The other two options for the method parameter are “first” and “dense”. Let’s add them to our current DataFrame and then explain what they do.

In [8]:
df["rank_first"] = df["overall"].rank(method="first", ascending=False)
df["rank_dense"] = df["overall"].rank(method="dense", ascending=False)
df

Unnamed: 0,name,current,overall,group,rank_default,rank_min,rank_max,rank_first,rank_dense
0,Matt,90,208,A,1.0,1.0,1.0,1.0,1.0
1,Lisa,82,201,A,2.0,2.0,2.0,2.0,2.0
2,Adam,84,185,B,3.0,3.0,3.0,3.0,3.0
3,John,92,184,A,4.5,4.0,5.0,4.0,4.0
4,Emily,87,184,C,4.5,4.0,5.0,5.0,4.0
5,Jenny,78,182,C,6.0,6.0,6.0,6.0,5.0
6,Jane,94,173,B,7.0,7.0,7.0,7.0,6.0


* The “first” method assigns the ranks based on the order they appear. In the case of equality, the first observation in the DataFrame takes the next value, the second one takes the next, and so on. In our case, John and Emily are the 4th and 5th people so John’s rank is 4, and Emily’s rank is 5.

* The “dense” method is like the “min” but it does not put any gap between the rows that have the same value and the next row. John and Emily have the rank 4 as they do with the “min” but there is a difference between the ranks of the next person. Jenny has ranked 6 with the “min” method but her rank is 5 with the “dense” method.

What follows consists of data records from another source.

(* Let $G$ be a commutative group and $f_1,f_2$ bijections of $G$ such that $G(f_1)$, $G(f_2)$ are not groups. (i) If $f_1,f_2$ are conjugate in $\mathrm{Aut}(G)$ (i.e., $f_2=\psi f_1\psi^{-1}$ for some $\psi\in\mathrm{Aut}(G)$), then $G(f_1)\cong G(f_2)$. (ii) If $f_1(1)=1=f_2(1)$, then $G(f_1)\cong G(f_2)$ if and only if $f_1,f_2$ are conjugate in $\mathrm{Aut}(G)$. (iii) If $f_2\in\mathrm{Aut}(G)$, $t$ is a square in $G$, and $f_1(x)=f_2(x)t$ for every $x\in G$, then $G(f_1)\cong G(f_2)$.
   Context: Construction $G(f)$: for a commutative group $G$ (written multiplicatively) and a bijection $f:G\to G$, let $\overline{G}=\{\overline{x}:x\in G\}$ be a disjoint copy of $G$, and let $G(f)$ be the set $G\cup\overline{G}$ with multiplication $*$ defined for $x,y\in G$ by $x*y=xy$, $x*\overline{y}=\overline{xy}$, $\overline{x}*y=\overline{xy}$, $\overline{x}*\overline{y}=f(xy)$. It is a commutative loop with neutral element $1$. *)

Set Implicit Arguments.

Record CommGroup := {
  carrier :> Type;
  gmul : carrier -> carrier -> carrier;
  gone : carrier;
  ginv : carrier -> carrier;
  gmul_assoc : forall x y z, gmul x (gmul y z) = gmul (gmul x y) z;
  gmul_comm : forall x y, gmul x y = gmul y x;
  gmul_1l : forall x, gmul gone x = x;
  gmul_Vl : forall x, gmul (ginv x) x = gone
}.

Definition bijective {A B : Type} (f : A -> B) : Prop :=
  exists g : B -> A, (forall x, g (f x) = x) /\ (forall y, f (g y) = y).

Definition is_aut {G : CommGroup} (psi : G -> G) : Prop :=
  bijective psi /\ forall x y, psi (gmul G x y) = gmul G (psi x) (psi y).

(* f1, f2 conjugate in Aut(G): f2 = psi f1 psi^-1 for some psi in Aut(G),
   written equivalently as f2 o psi = psi o f1. *)
Definition conj_in_aut {G : CommGroup} (f1 f2 : G -> G) : Prop :=
  exists psi : G -> G, @is_aut G psi /\ forall x, f2 (psi x) = psi (f1 x).

(* The construction G(f): carrier G + Gbar, inl x = x, inr x = xbar. *)
Definition Gf_mul {G : CommGroup} (f : G -> G) (a b : G + G) : G + G :=
  match a, b with
  | inl x, inl y => inl (gmul G x y)
  | inl x, inr y => inr (gmul G x y)
  | inr x, inl y => inr (gmul G x y)
  | inr x, inr y => inl (f (gmul G x y))
  end.

Definition magma_is_group {T : Type} (op : T -> T -> T) : Prop :=
  (forall a b c, op a (op b c) = op (op a b) c) /\
  exists e : T, (forall a, op e a = a /\ op a e = a) /\
    forall a, exists b, op a b = e /\ op b a = e.

Definition magma_iso {T U : Type} (opT : T -> T -> T) (opU : U -> U -> U)
  (phi : T -> U) : Prop :=
  bijective phi /\ forall a b, phi (opT a b) = opU (phi a) (phi b).

Definition magma_isomorphic {T U : Type} (opT : T -> T -> T) (opU : U -> U -> U) : Prop :=
  exists phi : T -> U, magma_iso opT opU phi.


(* Write xbar for the element [inr x] of G(f) = G + Gbar.
   (i)   An automorphism psi with f2 o psi = psi o f1 lifts to the
         isomorphism x |-> psi x, xbar |-> (psi x)bar.
   (iii) If f2 is a homomorphism and t = f2 (c c), then x |-> x,
         xbar |-> (x c)bar is an isomorphism G(f2 . t) -> G(f2); when t = s s
         one takes c = f2^-1 s.
   (ii)  Conversely, the key structural fact is that an isomorphism onto a
         G(f) that is not a group maps G into G: otherwise some xbar would
         have a left "inverse" a', i.e. xbar (a' b) = b for all b, which
         forces f to be a translation z |-> c z, and then G(f) is a group.
         Applying this to phi and phi^-1, phi maps G onto G and Gbar onto
         Gbar, so phi (inl x) = inl (psi x), phi (inr x) = inr (chi x) with
         psi an automorphism and chi x = psi x k.  From f1 1 = 1 = f2 1 and
         injectivity of f2 one gets k k = 1, whence f2 o psi = psi o f1. *)

Section CommGroupFacts.
Variable G : CommGroup.
Local Notation "x ** y" := (gmul G x y) (at level 40, left associativity).

Lemma gmul_1r (x : G) : x ** gone G = x.
Proof. rewrite gmul_comm; apply gmul_1l. Qed.

Lemma gmul_Vr (x : G) : x ** ginv G x = gone G.
Proof. rewrite gmul_comm; apply gmul_Vl. Qed.

Lemma gmul_CA (x y z : G) : x ** (y ** z) = y ** (x ** z).
Proof. rewrite !gmul_assoc, (gmul_comm G x y); reflexivity. Qed.

Lemma gmul_cancel_l (x y z : G) : x ** y = x ** z -> y = z.
Proof.
  intro H. rewrite <- (gmul_1l G y), <- (gmul_1l G z), <- (gmul_Vl G x),
    <- !gmul_assoc, H; reflexivity.
Qed.

Definition strip (a : G + G) : G := match a with inl y => y | inr y => y end.

End CommGroupFacts.
Arguments strip {G} a.

Section NonGroupCriterion.
Variables (G : CommGroup) (f : G -> G).
Local Notation "x ** y" := (gmul G x y) (at level 40, left associativity).

Lemma Gf_translation_group (c : G) :
  (forall z, f z = c ** z) -> magma_is_group (Gf_mul f).
Proof.
  intro Hf. split.
  - intros [x|x] [y|y] [z|z]; simpl; rewrite ?Hf, ?gmul_assoc; try reflexivity;
      f_equal; rewrite <- ?gmul_assoc; apply gmul_CA.
  - exists (inl (gone G)). split.
    + intros [x|x]; simpl; rewrite gmul_1l, gmul_1r; auto.
    + intros [x|x].
      * exists (inl (ginv G x)); simpl; rewrite gmul_Vl, gmul_Vr; auto.
      * exists (inr (ginv G x ** ginv G c)); simpl; rewrite !Hf; split; f_equal.
        -- rewrite (gmul_assoc G x), gmul_Vr, gmul_1l, gmul_Vr; reflexivity.
        -- rewrite (gmul_comm G _ x), (gmul_assoc G x), gmul_Vr, gmul_1l, gmul_Vr;
             reflexivity.
Qed.

Lemma Gf_group_of_bar_section (x : G) :
  (exists a', forall b, Gf_mul f (inr x) (Gf_mul f a' b) = b) ->
  magma_is_group (Gf_mul f).
Proof.
  intros [[w|w] Hsec].
  - specialize (Hsec (inl (gone G))). discriminate Hsec.
  - apply (Gf_translation_group (ginv G (x ** w))). intro z.
    specialize (Hsec (inl (ginv G (x ** w) ** z))). simpl in Hsec.
    injection Hsec as Hsec. rewrite <- Hsec. f_equal.
    rewrite !gmul_assoc, gmul_Vr, gmul_1l; reflexivity.
Qed.

End NonGroupCriterion.

Lemma magma_iso_inv {T U : Type} (opT : T -> T -> T) (opU : U -> U -> U) phi :
  magma_iso opT opU phi -> exists g, magma_iso opU opT g /\
    (forall a, g (phi a) = a) /\ (forall b, phi (g b) = b).
Proof.
  intros [[g [Hgphi Hphig]] Hm]. exists g. split; [|split; assumption].
  split.
  - exists phi; split; assumption.
  - intros a b. rewrite <- (Hphig a), <- (Hphig b), <- Hm, !Hgphi; reflexivity.
Qed.

(* An isomorphism onto a G(f2) which is not a group maps G into G: the image
   ybar of an element u of G would have the section b |-> phi(u^-1) b. *)
Lemma Gf_iso_maps_G (G : CommGroup) (f1 f2 : G -> G) phi :
  ~ magma_is_group (Gf_mul f2) -> magma_iso (Gf_mul f1) (Gf_mul f2) phi ->
  forall u, phi (inl u) = inl (strip (phi (inl u))).
Proof.
  intros hng [[g [_ Hphig]] Hm] u.
  destruct (phi (inl u)) as [y|y] eqn:E; [reflexivity|].
  exfalso; apply hng, (@Gf_group_of_bar_section G f2 y).
  exists (phi (inl (ginv G u))). intro b.
  rewrite <- (Hphig b), <- E, <- !Hm. f_equal.
  destruct (g b); simpl; rewrite gmul_assoc, gmul_Vr, gmul_1l; reflexivity.
Qed.

Section Isomorphisms.
Variables (G : CommGroup) (f1 f2 : G -> G).
Local Notation "x ** y" := (gmul G x y) (at level 40, left associativity).

Lemma Gf_iso_of_conj : conj_in_aut f1 f2 -> magma_isomorphic (Gf_mul f1) (Gf_mul f2).
Proof.
  intros [psi [[[psi_inv [Hl Hr]] Hm] Hc]].
  exists (fun a => match a with inl x => inl (psi x) | inr x => inr (psi x) end).
  split.
  - exists (fun a => match a with inl x => inl (psi_inv x) | inr x => inr (psi_inv x) end).
    split; intros [x|x]; rewrite ?Hl, ?Hr; reflexivity.
  - intros [x|x] [y|y]; simpl; rewrite ?Hm; try reflexivity.
    rewrite <- Hc, Hm; reflexivity.
Qed.

Lemma Gf_iso_of_shift (c : G) :
  (forall x y, f2 (x ** y) = f2 x ** f2 y) ->
  (forall x, f1 x = f2 x ** f2 (c ** c)) ->
  magma_isomorphic (Gf_mul f1) (Gf_mul f2).
Proof.
  intros Hm Hf1.
  exists (fun a => match a with inl x => inl x | inr x => inr (x ** c) end).
  split.
  - exists (fun a => match a with inl x => inl x | inr x => inr (x ** ginv G c) end).
    split; intros [x|x]; try reflexivity; f_equal;
      rewrite <- gmul_assoc, ?gmul_Vl, ?gmul_Vr, gmul_1r; reflexivity.
  - intros [x|x] [y|y]; simpl; f_equal.
    + symmetry; apply gmul_assoc.
    + rewrite <- !gmul_assoc; f_equal; apply gmul_comm.
    + rewrite Hf1, <- Hm. f_equal.
      rewrite <- !gmul_assoc; f_equal; apply gmul_CA.
Qed.

Section SplitIso.
Variables (psi chi : G -> G) (phi : G + G -> G + G).
Hypothesis phi_inl : forall x, phi (inl x) = inl (psi x).
Hypothesis phi_inr : forall x, phi (inr x) = inr (chi x).
Hypothesis phi_mul : forall a b, phi (Gf_mul f1 a b) = Gf_mul f2 (phi a) (phi b).

Lemma split_iso_hom x y : psi (x ** y) = psi x ** psi y.
Proof.
  pose proof (phi_mul (inl x) (inl y)) as H. simpl in H.
  rewrite !phi_inl in H. injection H as H. exact H.
Qed.

Lemma split_iso_unit : psi (gone G) = gone G.
Proof.
  symmetry. apply (gmul_cancel_l G (psi (gone G))).
  rewrite gmul_1r, <- split_iso_hom, gmul_1l; reflexivity.
Qed.

Lemma split_iso_bar x : chi x = psi x ** chi (gone G).
Proof.
  pose proof (phi_mul (inl x) (inr (gone G))) as H. simpl in H.
  rewrite gmul_1r, phi_inl, !phi_inr in H. injection H as H. exact H.
Qed.

Lemma split_iso_conj :
  f1 (gone G) = gone G -> f2 (gone G) = gone G ->
  (forall x y, f2 x = f2 y -> x = y) ->
  forall x, f2 (psi x) = psi (f1 x).
Proof.
  intros h1 h2 f2_inj.
  assert (Hkk : chi (gone G) ** chi (gone G) = gone G).
  { apply f2_inj. rewrite h2.
    pose proof (phi_mul (inr (gone G)) (inr (gone G))) as H. simpl in H.
    rewrite gmul_1l, h1, phi_inl, split_iso_unit, !phi_inr in H.
    injection H as H. symmetry; exact H. }
  intro x. pose proof (phi_mul (inr x) (inr (gone G))) as H. simpl in H.
  rewrite gmul_1r, phi_inl, !phi_inr in H. simpl in H.
  rewrite (split_iso_bar x), <- gmul_assoc, Hkk, gmul_1r in H.
  injection H as H. symmetry; exact H.
Qed.

End SplitIso.

Lemma Gf_conj_of_iso (hf2 : bijective f2)
  (hng1 : ~ magma_is_group (Gf_mul f1)) (hng2 : ~ magma_is_group (Gf_mul f2)) :
  f1 (gone G) = gone G -> f2 (gone G) = gone G ->
  magma_isomorphic (Gf_mul f1) (Gf_mul f2) -> conj_in_aut f1 f2.
Proof.
  intros h1 h2 [phi Hiso].
  destruct (magma_iso_inv _ _ _ Hiso) as [g [Hgiso [Hgphi Hphig]]].
  pose proof (Gf_iso_maps_G _ _ _ _ hng2 Hiso) as phi_inl.
  pose proof (Gf_iso_maps_G _ _ _ _ hng1 Hgiso) as g_inl.
  (* phi^-1 maps G into G, so phi cannot send a barred element into G. *)
  assert (phi_inr : forall x, phi (inr x) = inr (strip (phi (inr x)))).
  { intro x. destruct (phi (inr x)) as [y|y] eqn:E; [|reflexivity].
    exfalso. pose proof (g_inl y) as Hy. rewrite <- E, Hgphi in Hy. discriminate Hy. }
  set (psi := fun x => strip (phi (inl x))).
  assert (f2_inj : forall x y, f2 x = f2 y -> x = y).
  { destruct hf2 as [f2_inv [Hl _]]. intros x y H.
    rewrite <- (Hl x), <- (Hl y), H; reflexivity. }
  exists psi. split; [split|].
  - exists (fun x => strip (g (inl x))). split; intro x.
    + pose proof (Hgphi (inl x)) as H. rewrite phi_inl, g_inl in H.
      injection H as H. exact H.
    + pose proof (Hphig (inl x)) as H. rewrite g_inl, phi_inl in H.
      injection H as H. exact H.
  - exact (split_iso_hom _ _ phi_inl (proj2 Hiso)).
  - exact (split_iso_conj _ _ _ phi_inl phi_inr (proj2 Hiso) h1 h2 f2_inj).
Qed.

End Isomorphisms.

Theorem corollary2p6 (G : CommGroup) (f1 f2 : G -> G)
  (hf1 : bijective f1) (hf2 : bijective f2)
  (hng1 : ~ magma_is_group (Gf_mul f1)) (hng2 : ~ magma_is_group (Gf_mul f2)) :
  (conj_in_aut f1 f2 -> magma_isomorphic (Gf_mul f1) (Gf_mul f2)) /\
  (f1 (gone G) = gone G -> f2 (gone G) = gone G ->
     (magma_isomorphic (Gf_mul f1) (Gf_mul f2) <-> conj_in_aut f1 f2)) /\
  (forall t : G, @is_aut G f2 -> (exists s : G, t = gmul G s s) ->
     (forall x, f1 x = gmul G (f2 x) t) ->
     magma_isomorphic (Gf_mul f1) (Gf_mul f2)).
Proof.
  split; [|split].
  - apply Gf_iso_of_conj.
  - intros h1 h2. split.
    + exact (Gf_conj_of_iso _ _ _ hf2 hng1 hng2 h1 h2).
    + apply Gf_iso_of_conj.
  - (* t = s s = f2 (c c) with c = f2^-1 s. *)
    intros t [[f2_inv [_ Hr]] Hm] [s Hs] Hf1.
    apply (Gf_iso_of_shift _ _ _ (f2_inv s) Hm).
    intro x. rewrite Hf1, Hs, Hm, Hr; reflexivity.
Qed.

# Ranking based on multiple columns

In [9]:
# create DataFrame
df = pd.DataFrame({
    "name": ["John","Jane","Emily","Lisa","Matt","Jenny","Adam"],
    "current": [92,94,87,82,90,78,84],
    "overall": [184,173,184,201,208,182,185],
    "group":["A","B","C","A","A","C","B"]
})

In [10]:
# create rank column
df["rank_overall_current"] = df[["overall","current"]].apply(tuple, axis=1).rank(ascending=False)

In [11]:
# sort values
df = df.sort_values(by="rank_overall_current", ignore_index=True)
df

Unnamed: 0,name,current,overall,group,rank_overall_current
0,Matt,90,208,A,1.0
1,Lisa,82,201,A,2.0
2,Adam,84,185,B,3.0
3,John,92,184,A,4.0
4,Emily,87,184,C,5.0
5,Jenny,78,182,C,6.0
6,Jane,94,173,B,7.0


The rank is created based on the combination of overall and rank. Since the values in the overall column come first, they are checked first. If the overall values are equal, then the current values are considered.

For instance, John and Emily have the same overall value but John’s current value is higher so he is ranked before Emily.

# Ranking within groups

In [12]:
# create DataFrame
df = pd.DataFrame({
    "name": ["John","Jane","Emily","Lisa","Matt","Jenny","Adam"],
    "current": [92,94,87,82,90,78,84],
    "overall": [184,173,184,201,208,182,185],
    "group":["A","B","C","A","A","C","B"]
})

In [14]:
# create rank column
df["group_rank"] = df.groupby("group")["overall"].rank(
ascending=False)

In [15]:
# sort values
df = df.sort_values(by=["group","group_rank"], ignore_index=True)
df

Unnamed: 0,name,current,overall,group,group_rank
0,Matt,90,208,A,1.0
1,Lisa,82,201,A,2.0
2,John,92,184,A,3.0
3,Adam,84,185,B,1.0
4,Jane,94,173,B,2.0
5,Emily,87,184,C,1.0
6,Jenny,78,182,C,2.0


We now have a separate rank within each group. We can change the method of the rank function. It will work just like the example we have done so far. The only difference is that everything will be done separately for each group.